Lemma encode_rep_inj k1 k2 f1 f2 (P1 N1 P2 N2 : {fset 'rV[R]_n}) :
  is_kNN_rep k1 f1 P1 N1 -> is_kNN_rep k2 f2 P2 N2 ->
  (#|` pts P1 N1| <= M)%N -> (#|` pts P2 N2| <= M)%N ->
  encode_rep k1 P1 N1 = encode_rep k2 P2 N2 -> f1 = f2.
Proof.
move=> rep1 rep2 size1 size2 [/(congr1 val) eq_k /(congr1 val) eq_size eq_lab eq_cmp].
have k1_le := kNN_rep_size_ge rep1; have k2_le := kNN_rep_size_ge rep2.
move: eq_k eq_size; rewrite /= !inordK ?ltnS ?(leq_trans k1_le) ?(leq_trans k2_le) //.
move=> eq_k eq_size; subst k2; apply/ffunP => a.
rewrite (kNN_rep_vote rep1) (kNN_rep_vote rep2) -eq_size.
apply: eq_knn_vote => [i im|i j im jm].
  by move/ffunP/(_ (Ordinal (leq_trans im size1))): eq_lab; rewrite !ffunE.
apply: (nearer_of_chow_code _ a); rewrite ?(leq_trans im) ?(leq_trans jm) //.
by move=> i' j' ij; move/ffunP/(_ (exist _ (i', j') ij)): eq_cmp; rewrite !ffunE.
Qed.

End Encoding.

Lemma card_ordered_pairs M : (2 * #|{: ordered_pairs M}| <= M * M)%N.
Proof.
rewrite card_sig; set A := [set p : 'I_M * 'I_M | (p.1 < p.2)%N]%SET.
have -> : #|[pred p : 'I_M * 'I_M | (p.1 < p.2)%N]| = #|A|.
  by apply: eq_card => p; rewrite !inE.
have swap_inj : injective (fun p : 'I_M * 'I_M => (p.2, p.1)) by move=> [a b] [c d] [-> ->].
have : (#|A| <= #|~: A|)%N.
  rewrite -(card_imset A swap_inj); apply: subset_leq_card.
  by apply/fintype.subsetP => q /imsetP[p]; rewrite !inE => p12 ->; rewrite -leqNgt ltnW.
by have := cardsC A; rewrite card_prod card_ord; lia.
Qed.

Lemma card_rep_code n M : (M < 2 ^ n)%N ->
  (#|{: rep_code n M}| <= 2 ^ (n + n + M + (n + 2) * n.+1 * #|{: ordered_pairs M}|))%N.
Proof.
move=> M_lt; set Y := #|{: ordered_pairs M}|.
rewrite !card_prod !card_ffun !card_ord card_bool card_option card_ord -/Y -expnM.
have base_le : ((2 * 2 ^ n).+1 <= 2 ^ (n + 2))%N by rewrite expnD; lia.
have pow_le : ((2 * 2 ^ n).+1 ^ (n.+1 * Y) <= 2 ^ ((n + 2) * n.+1 * Y))%N.
  rewrite -mulnA [(2 ^ ((n + 2) * _))%N]expnM.
  by case: (posnP (n.+1 * Y)) => [->|e_gt0] //; rewrite leq_exp2r.
rewrite [(2 ^ (_ + _ + _ + _))%N]expnD; apply: leq_mul pow_le.
by rewrite !expnD; apply: leq_mul => //; apply: leq_mul.
Qed.

(* For n > 0 this is the integer part of 2^(n/2) / n. *)
Definition max_rep_size n : nat :=
  \max_(m < (2 ^ n).+1 | (m * m * (n * n) <= 2 ^ n)%N) m.

Lemma max_rep_size_sq n : (max_rep_size n * max_rep_size n * (n * n) <= 2 ^ n)%N.
Proof.
apply: (big_ind (fun m => m * m * (n * n) <= 2 ^ n)%N) => // x y x_le y_le.
by case: (leqP x y).
Qed.

Lemma leq_max_rep_size n m : (0 < n)%N ->
  (m * m * (n * n) <= 2 ^ n)%N -> (m <= max_rep_size n)%N.
Proof.
move=> n_gt0 m_le; have m_lt : (m < (2 ^ n).+1)%N.
  by rewrite ltnS (leq_trans _ m_le) //; case: (m) => // m'; nia.
exact: (@leq_bigmax_cond _ (fun i : 'I__ => i * i * (n * n) <= 2 ^ n)%N _ (Ordinal m_lt) m_le).
Qed.

Lemma pow2_ge_linear n : (10 <= n)%N -> (16 * (3 * n + 1) <= 3 * 2 ^ n)%N.
Proof. by move/subnK <-; elim: (n - 10)%N => [|m IH] //; rewrite addSn expnS; lia. Qed.

Lemma rep_code_exponent_le n M Y : (10 <= n)%N -> (M * M * (n * n) <= 2 ^ n)%N ->
  (2 * Y <= M * M)%N -> (n + n + M + (n + 2) * n.+1 * Y + n.+1 <= 2 ^ n)%N.
Proof.
move=> n_ge M_le Y_le.
have M_term : (16 * M <= 2 ^ n)%N.
  have M_le_sq : (M <= M * M)%N by case: (M) => // M'; nia.
  by apply: leq_trans M_le; rewrite mulnC leq_mul //; nia.
have Y_term : (4 * ((n + 2) * n.+1 * Y) <= 3 * 2 ^ n)%N.
  have n_sq : (4 * ((n + 2) * n.+1) <= 3 * (n * n) * 2)%N by nia.
  apply: (@leq_trans (3 * (n * n) * 2 * Y)); first by rewrite mulnA leq_mul2r n_sq orbT.
  rewrite -!mulnA leq_mul2l; apply/orP; right.
  by apply: leq_trans M_le; rewrite mulnA mulnC leq_mul2r Y_le orbT.
by have := pow2_ge_linear n_ge; lia.
Qed.

Section BadFunctions.
Variable R : realType.

Definition good_set n := [set f : boolfun n | `[< forall k : nat, (0 < k)%N ->
  ((Num.sqrt (2 ^+ n) / n%:R : R)%:E < kNN R k f)%E >]]%SET.
Arguments good_set : clear implicits.

Lemma good_fractionE n : good_fraction R n = #|good_set n|%:R / (2 ^ (2 ^ n))%:R.
Proof. by []. Qed.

________________

Retype the whole listing above, line for line and exactly.

Expected output:
Lemma encode_rep_inj k1 k2 f1 f2 (P1 N1 P2 N2 : {fset 'rV[R]_n}) :
  is_kNN_rep k1 f1 P1 N1 -> is_kNN_rep k2 f2 P2 N2 ->
  (#|` pts P1 N1| <= M)%N -> (#|` pts P2 N2| <= M)%N ->
  encode_rep k1 P1 N1 = encode_rep k2 P2 N2 -> f1 = f2.
Proof.
move=> rep1 rep2 size1 size2 [/(congr1 val) eq_k /(congr1 val) eq_size eq_lab eq_cmp].
have k1_le := kNN_rep_size_ge rep1; have k2_le := kNN_rep_size_ge rep2.
move: eq_k eq_size; rewrite /= !inordK ?ltnS ?(leq_trans k1_le) ?(leq_trans k2_le) //.
move=> eq_k eq_size; subst k2; apply/ffunP => a.
rewrite (kNN_rep_vote rep1) (kNN_rep_vote rep2) -eq_size.
apply: eq_knn_vote => [i im|i j im jm].
  by move/ffunP/(_ (Ordinal (leq_trans im size1))): eq_lab; rewrite !ffunE.
apply: (nearer_of_chow_code _ a); rewrite ?(leq_trans im) ?(leq_trans jm) //.
by move=> i' j' ij; move/ffunP/(_ (exist _ (i', j') ij)): eq_cmp; rewrite !ffunE.
Qed.

End Encoding.

Lemma card_ordered_pairs M : (2 * #|{: ordered_pairs M}| <= M * M)%N.
Proof.
rewrite card_sig; set A := [set p : 'I_M * 'I_M | (p.1 < p.2)%N]%SET.
have -> : #|[pred p : 'I_M * 'I_M | (p.1 < p.2)%N]| = #|A|.
  by apply: eq_card => p; rewrite !inE.
have swap_inj : injective (fun p : 'I_M * 'I_M => (p.2, p.1)) by move=> [a b] [c d] [-> ->].
have : (#|A| <= #|~: A|)%N.
  rewrite -(card_imset A swap_inj); apply: subset_leq_card.
  by apply/fintype.subsetP => q /imsetP[p]; rewrite !inE => p12 ->; rewrite -leqNgt ltnW.
by have := cardsC A; rewrite card_prod card_ord; lia.
Qed.

Lemma card_rep_code n M : (M < 2 ^ n)%N ->
  (#|{: rep_code n M}| <= 2 ^ (n + n + M + (n + 2) * n.+1 * #|{: ordered_pairs M}|))%N.
Proof.
move=> M_lt; set Y := #|{: ordered_pairs M}|.
rewrite !card_prod !card_ffun !card_ord card_bool card_option card_ord -/Y -expnM.
have base_le : ((2 * 2 ^ n).+1 <= 2 ^ (n + 2))%N by rewrite expnD; lia.
have pow_le : ((2 * 2 ^ n).+1 ^ (n.+1 * Y) <= 2 ^ ((n + 2) * n.+1 * Y))%N.
  rewrite -mulnA [(2 ^ ((n + 2) * _))%N]expnM.
  by case: (posnP (n.+1 * Y)) => [->|e_gt0] //; rewrite leq_exp2r.
rewrite [(2 ^ (_ + _ + _ + _))%N]expnD; apply: leq_mul pow_le.
by rewrite !expnD; apply: leq_mul => //; apply: leq_mul.
Qed.

(* For n > 0 this is the integer part of 2^(n/2) / n. *)
Definition max_rep_size n : nat :=
  \max_(m < (2 ^ n).+1 | (m * m * (n * n) <= 2 ^ n)%N) m.

Lemma max_rep_size_sq n : (max_rep_size n * max_rep_size n * (n * n) <= 2 ^ n)%N.
Proof.
apply: (big_ind (fun m => m * m * (n * n) <= 2 ^ n)%N) => // x y x_le y_le.
by case: (leqP x y).
Qed.

Lemma leq_max_rep_size n m : (0 < n)%N ->
  (m * m * (n * n) <= 2 ^ n)%N -> (m <= max_rep_size n)%N.
Proof.
move=> n_gt0 m_le; have m_lt : (m < (2 ^ n).+1)%N.
  by rewrite ltnS (leq_trans _ m_le) //; case: (m) => // m'; nia.
exact: (@leq_bigmax_cond _ (fun i : 'I__ => i * i * (n * n) <= 2 ^ n)%N _ (Ordinal m_lt) m_le).
Qed.

Lemma pow2_ge_linear n : (10 <= n)%N -> (16 * (3 * n + 1) <= 3 * 2 ^ n)%N.
Proof. by move/subnK <-; elim: (n - 10)%N => [|m IH] //; rewrite addSn expnS; lia. Qed.

Lemma rep_code_exponent_le n M Y : (10 <= n)%N -> (M * M * (n * n) <= 2 ^ n)%N ->
  (2 * Y <= M * M)%N -> (n + n + M + (n + 2) * n.+1 * Y + n.+1 <= 2 ^ n)%N.
Proof.
move=> n_ge M_le Y_le.
have M_term : (16 * M <= 2 ^ n)%N.
  have M_le_sq : (M <= M * M)%N by case: (M) => // M'; nia.
  by apply: leq_trans M_le; rewrite mulnC leq_mul //; nia.
have Y_term : (4 * ((n + 2) * n.+1 * Y) <= 3 * 2 ^ n)%N.
  have n_sq : (4 * ((n + 2) * n.+1) <= 3 * (n * n) * 2)%N by nia.
  apply: (@leq_trans (3 * (n * n) * 2 * Y)); first by rewrite mulnA leq_mul2r n_sq orbT.
  rewrite -!mulnA leq_mul2l; apply/orP; right.
  by apply: leq_trans M_le; rewrite mulnA mulnC leq_mul2r Y_le orbT.
by have := pow2_ge_linear n_ge; lia.
Qed.

Section BadFunctions.
Variable R : realType.

Definition good_set n := [set f : boolfun n | `[< forall k : nat, (0 < k)%N ->
  ((Num.sqrt (2 ^+ n) / n%:R : R)%:E < kNN R k f)%E >]]%SET.
Arguments good_set : clear implicits.

Lemma good_fractionE n : good_fraction R n = #|good_set n|%:R / (2 ^ (2 ^ n))%:R.
Proof. by []. Qed.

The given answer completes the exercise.